I was surprised then to get to the breach and find the water low and easily crossable. I pulled up the tide charts and realized that dumb luck had brought me an hour before low tide, giving me plenty of time to explore without having to worry about getting stuck wading through rising water as some people on the 2010 thread reported.


So I hopped the breach and continued on the causeway. Before too long I got to the monument people mentioned in 2010, right before you get to the three Tindall Islands. I went straight ahead to the southern-most island. It took me awhile to figure it out. I should have just checked the 2021 B/W Lidar on Boydsmaps:


This island has a ten-foot-or-so berm about four feet high on top that circles around the edge of the whole southern island. Looking at the aerial maps it shows up sometime between 1980 and 1995 and had water within in. At the top end of the island there's some sort of metal contraption with what looks like drains below it. I have no idea why someone would have build this berm and water control structure at this time. The trees growing on top make it hard to walk there but there are spots in which you can walk along the bottom of the berm. At the far end of the island are shells, some cool bones, and various evidence of animals, including the large piles of scat mentioned in the 2010 post.
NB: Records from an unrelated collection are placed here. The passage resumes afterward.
(* Let $n$ be a positive integer, and suppose there exists a hexagonal permutation $\pi$ with $n$ dots. Then $n$ is odd, and the dots of $\pi$ are contained in a Lee sphere of radius $(n-1)/2$.
   Context: Model the cells (hexagons) of the hexagonal grid by $\mathbb{Z}^2$, where cell $(x,y)$ is adjacent to the six cells $(x\pm1,y)$, $(x,y\pm1)$, $(x+1,y+1)$, $(x-1,y-1)$. The ''rows'' of the hexagonal grid in its three natural directions are the sets $\{y=c\}$, $\{x=c\}$ and $\{x-y=c\}$ for $c\in\mathbb{Z}$; two rows of the same direction are consecutive if their constants $c$ differ by $1$. A set of dots is a finite nonempty set of cells. A hexagonal permutation with $n$ dots is a set $\pi$ of $n$ cells such that, for each of the three directions, the rows of that direction containing a dot of $\pi$ are exactly $n$ consecutive rows, and each of these rows contains exactly one dot of $\pi$. The distance between two cells is the length of a shortest path of successively adjacent cells joining them; for cells $(x,y)$ and $(a,b)$ it equals $\max(|x-a|,|y-b|,|(x-a)-(y-b)|)$. A Lee sphere of radius $r$ with centre $(a,b)$ is the set of all cells at distance at most $r$ from $(a,b)$. *)

From Stdlib Require Import ZArith List Lia.
Open Scope Z_scope.

Definition cell := (Z * Z)%type.

(* The three row directions: row constant of a cell in each direction. *)
Definition rowY (p : cell) : Z := snd p.
Definition rowX (p : cell) : Z := fst p.
Definition rowD (p : cell) : Z := fst p - snd p.

Definition is_dot_set (n : nat) (pi : list cell) : Prop :=
  NoDup pi /\ length pi = n.

Definition rows_ok (f : cell -> Z) (n : nat) (pi : list cell) : Prop :=
  exists c : Z,
    (forall k : Z, (exists p, In p pi /\ f p = k) <-> (c <= k < c + Z.of_nat n)) /\
    (forall k : Z, c <= k < c + Z.of_nat n ->
       forall p q, In p pi -> In q pi -> f p = k -> f q = k -> p = q).

Definition hex_perm (n : nat) (pi : list cell) : Prop :=
  is_dot_set n pi /\ rows_ok rowY n pi /\ rows_ok rowX n pi /\ rows_ok rowD n pi.

Definition hex_dist (p q : cell) : Z :=
  Z.max (Z.abs (fst p - fst q))
        (Z.max (Z.abs (snd p - snd q))
               (Z.abs ((fst p - fst q) - (snd p - snd q)))).

Definition lee_sphere (r : Z) (ctr : cell) (p : cell) : Prop :=
  hex_dist p ctr <= r.

From Stdlib Require Import ZArith List Lia Permutation.
Open Scope Z_scope.

(* The rows of each direction are c, ..., c + n - 1 with one dot each, so
   summing a row coordinate over the dots gives n c + n(n-1)/2.  Since
   rowD = rowX - rowY, the three sums are linked: with the row ranges starting
   at a (for x), b (for y) and c (for x - y), this forces n (a - b - c) =
   n(n-1)/2, i.e. n = 2m + 1 with m = a - b - c.  The dots then lie in
   a <= x <= a + 2m, b <= y <= b + 2m and a - b - m <= x - y <= a - b + m,
   which is exactly the Lee sphere of radius m around (a + m, b + m). *)

Definition sumZ (l : list Z) : Z := fold_right Z.add 0 l.

Lemma sumZ_app (l1 l2 : list Z) : sumZ (l1 ++ l2) = sumZ l1 + sumZ l2.
Proof. induction l1; simpl; lia. Qed.

Lemma sumZ_Permutation (l1 l2 : list Z) : Permutation l1 l2 -> sumZ l1 = sumZ l2.
Proof. induction 1; simpl; lia. Qed.

Lemma sumZ_map_sub {A : Type} (f g : A -> Z) (l : list A) :
  sumZ (map (fun x => f x - g x) l) = sumZ (map f l) - sumZ (map g l).
Proof. induction l; simpl; lia. Qed.

Lemma sumZ_consecutive (c : Z) (n : nat) :
  2 * sumZ (map (fun i => c + Z.of_nat i) (seq 0 n)) = Z.of_nat n * (2 * c + Z.of_nat n - 1).
Proof.
  induction n as [|n IHn]; [reflexivity|].
  rewrite seq_S, map_app, sumZ_app; cbn [map sumZ fold_right].
  rewrite Nat2Z.inj_succ; lia.
Qed.

Section RowSums.

Variables (f : cell -> Z) (n : nat) (pi : list cell) (c : Z).

Hypothesis pi_uniq : NoDup pi.
Hypothesis rows_hit : forall k, (exists p, In p pi /\ f p = k) <-> c <= k < c + Z.of_nat n.
Hypothesis rows_single : forall k, c <= k < c + Z.of_nat n ->
  forall p q, In p pi -> In q pi -> f p = k -> f q = k -> p = q.

Lemma row_values_Permutation :
  Permutation (map f pi) (map (fun i => c + Z.of_nat i) (seq 0 n)).
Proof.
  apply NoDup_Permutation.
  - apply NoDup_map_NoDup_ForallPairs; [|exact pi_uniq].
    intros p q Hp Hq Hpq; apply (rows_single (f p)); auto.
    apply rows_hit; eauto.
  - apply NoDup_map_NoDup_ForallPairs; [|apply seq_NoDup].
    intros i j _ _ Hij; lia.
  - intros k; rewrite !in_map_iff; split.
    + intros [p [<- Hp]].
      assert (Hk : c <= f p < c + Z.of_nat n) by (apply rows_hit; eauto).
      exists (Z.to_nat (f p - c)); split; [lia|].
      apply in_seq; lia.
    + intros [i [<- Hi]]; apply in_seq in Hi.
      destruct (proj2 (rows_hit (c + Z.of_nat i))) as [p [Hp Hfp]]; [lia|].
      eauto.
Qed.

Lemma rows_sum_double :
  2 * sumZ (map f pi) = Z.of_nat n * (2 * c + Z.of_nat n - 1).
Proof.
  rewrite (sumZ_Permutation _ _ row_values_Permutation); apply sumZ_consecutive.
Qed.

End RowSums.

Lemma rows_ok_sum (f : cell -> Z) (n : nat) (pi : list cell) :
  NoDup pi -> rows_ok f n pi ->
  exists c, 2 * sumZ (map f pi) = Z.of_nat n * (2 * c + Z.of_nat n - 1) /\
            forall p, In p pi -> c <= f p < c + Z.of_nat n.
Proof.
  intros Huniq [c [Hhit Hsingle]]; exists c; split.
  - exact (rows_sum_double f n pi c Huniq Hhit Hsingle).
  - intros p Hp; apply Hhit; eauto.
Qed.

Lemma lee_sphere_of_row_bounds (m a b : Z) (p : cell) :
  a <= rowX p <= a + 2 * m -> b <= rowY p <= b + 2 * m ->
  a - b - m <= rowD p <= a - b + m ->
  lee_sphere m (a + m, b + m) p.
Proof.
  destruct p as [x y]; unfold lee_sphere, hex_dist, rowX, rowY, rowD; cbn [fst snd].
  intros; repeat apply Z.max_lub; apply Z.abs_le; lia.
Qed.

Theorem theorem1 (n : nat) (pi : list cell) :
  (0 < n)%nat -> hex_perm n pi ->
  Nat.Odd n /\
  exists ctr : cell, forall p, In p pi -> lee_sphere ((Z.of_nat n - 1) / 2) ctr p.
Proof.
  intros Hn [[Huniq _] [HY [HX HD]]].
  destruct (rows_ok_sum _ _ _ Huniq HX) as [a [Sa Ra]].
  destruct (rows_ok_sum _ _ _ Huniq HY) as [b [Sb Rb]].
  destruct (rows_ok_sum _ _ _ Huniq HD) as [c [Sc Rc]].
  assert (Hsum : sumZ (map rowD pi) = sumZ (map rowX pi) - sumZ (map rowY pi))
    by apply sumZ_map_sub.
  set (m := a - b - c).
  assert (Hn_odd : Z.of_nat n = 2 * m + 1).
  { assert (Hprod : Z.of_nat n * (Z.of_nat n - 1 - 2 * m) = 0) by (unfold m; nia).
    apply Z.mul_eq_0 in Hprod; lia. }
  split.
  - exists (Z.to_nat m); lia.
  - replace ((Z.of_nat n - 1) / 2) with m
      by (rewrite Hn_odd, Z.add_simpl_r, Z.mul_comm, Z.div_mul; lia).
    exists (a + m, b + m); intros p Hp.
    specialize (Ra p Hp); specialize (Rb p Hp); specialize (Rc p Hp).
    apply lee_sphere_of_row_bounds; unfold m in *; lia.
Qed.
Near the water control structure I saw what kind of worked as a path to the next island. It was a six inch gap in the phragmites, obviously only semi-dry at low tide. There were deer prints so I knew I wasn't the first going through.


It's a bit of an adventure to push past the reeds and not get too muddy. The maps show a road between these islands but I saw no evidence.I walked to the next island (which I marked as the middle island) and then mud-walked again to the third island. I didn't explore it too much, which I kind of regret as the 2010 folks said there are some cellar holes back there.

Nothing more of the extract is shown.